The Nobel prize goes to Daron Acemoglu, Simon Johnson and James Robinson for their work on institutions, prosperity, and economic growth. Here is a key piece summarizing their work: Institutions as a Fundamental Cause of Long-Run Growth.This paper develops the empirical and theoretical case that differences in economic institutions are the fundamental cause of differences in economic development. We first document the empirical importance of institutions by focusing on two “quasi-natural experiments” in history, the division of Korea into two parts with very different economic institutions and the colonization of much of the world by European powers starting in the fifteenth century.
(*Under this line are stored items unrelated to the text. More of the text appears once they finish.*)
Lemma probability_setI_ge (A G : set T) (a e : R) :
  measurable A -> measurable G -> m A = a%:E -> ((1 - e)%:E < m G)%E ->
  ((a - e)%:E <= m (A `&` G))%E.
Proof.
move=> mA mG mAa mGe.
have mfin C : measurable C -> m C = (fine (m C))%:E.
  by move=> mC; rewrite fineK // fin_num_measure.
have mAG : measurable (A `\` G) by exact: measurableD.
have : (m (A `\` G) <= m (~` G))%E by rewrite le_measure ?inE //; exact: measurableC.
have mAE : m A = (m (A `\` G) + m (A `&` G))%E by exact: measureDI.
have mGC : m (~` G) = (1 - m G)%E by exact: probability_setC.
move: mGe mAE; rewrite mGC mAa (mfin _ mG) (mfin _ mAG) (mfin _ (measurableI _ _ mA mG)).
by rewrite -EFinD -EFinB !lte_fin !lee_fin => ? [=] ? ?; lra.
Qed.

Lemma sum_mul_measure_le (a : nat -> R) (A : nat -> set T) N B :
  (forall n, 0 <= a n) -> (forall n, measurable (A n)) ->
  (forall x, \sum_(0 <= n < N) a n * \1_(A n) x <= B) ->
  (\sum_(0 <= n < N) (a n)%:E * m (A n) <= B%:E)%E.
Proof.
move=> a0 mA hB.
have term_ge0 n x : (0 <= (a n * \1_(A n) x)%:E)%E.
  by rewrite lee_fin mulr_ge0 // indicE.
have measurable_term n : measurable_fun setT (fun x => (a n * \1_(A n) x)%:E).
  by apply/measurable_EFinP/measurable_funM; [exact: measurable_cst | exact: measurable_indic].
have -> : (\sum_(0 <= n < N) (a n)%:E * m (A n) =
    \int[m]_x \sum_(0 <= n < N) (a n * \1_(A n) x)%:E)%E.
  rewrite ge0_integral_sum //; apply: eq_bigr => n _.
  under eq_integral do rewrite EFinM.
  rewrite ge0_integralZl_EFin //; last exact/measurable_EFinP/measurable_indic.
  by rewrite integral_indic // setIT.
rewrite -[leRHS]mule1 -(probability_setT m) -integral_cst //.
apply: ge0_le_integral => //.
- by move=> x _; apply: sume_ge0 => n _.
- exact: emeasurable_sum.
- by move=> x _; rewrite sumEFin lee_fin hB.
Qed.

End ProbabilityFacts.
We then develop the basic outline of a framework for thinking about why economic institutions differ across countries. Economic institutions determine the incentives of and the constraints on economic actors, and shape economic outcomes. As such, they are social decisions, chosen for their consequences. Because different groups and individuals typically benefit from different economic institutions, there is generally a conflict over these social choices, ultimately resolved in favor of groups with greater political power. The distribution of political power in society is in turn determined by political institutions and the distribution of resources. Political institutions allocate de jure political power, while groups with greater economic might typically possess greater de facto political power…
Economic institutions encouraging economic growth emerge when political institutions allocate power to groups with interests in broad-based property rights enforcement, when they create effective constraints on power-holders, and when there are relatively few rents to be captured by power-holders.
From Marginal Revolution.
There is a strong school of thought in the economic development literature that argues that institutions and rules are not enough and that culture matters too.
5 comments:
There is a strong school of thought in the economic development literature that argues that institutions and rules are not enough and that culture matters too.-max weber
One of the first to say so, but certainly not the last.
Francis Fukuyama
Indeed, although he also argued, in hindsight prematurely, for an "end of history" scenario in which everyone in the world eventually converged on a Western style democracy with mixed capitalism model, regardless of culture.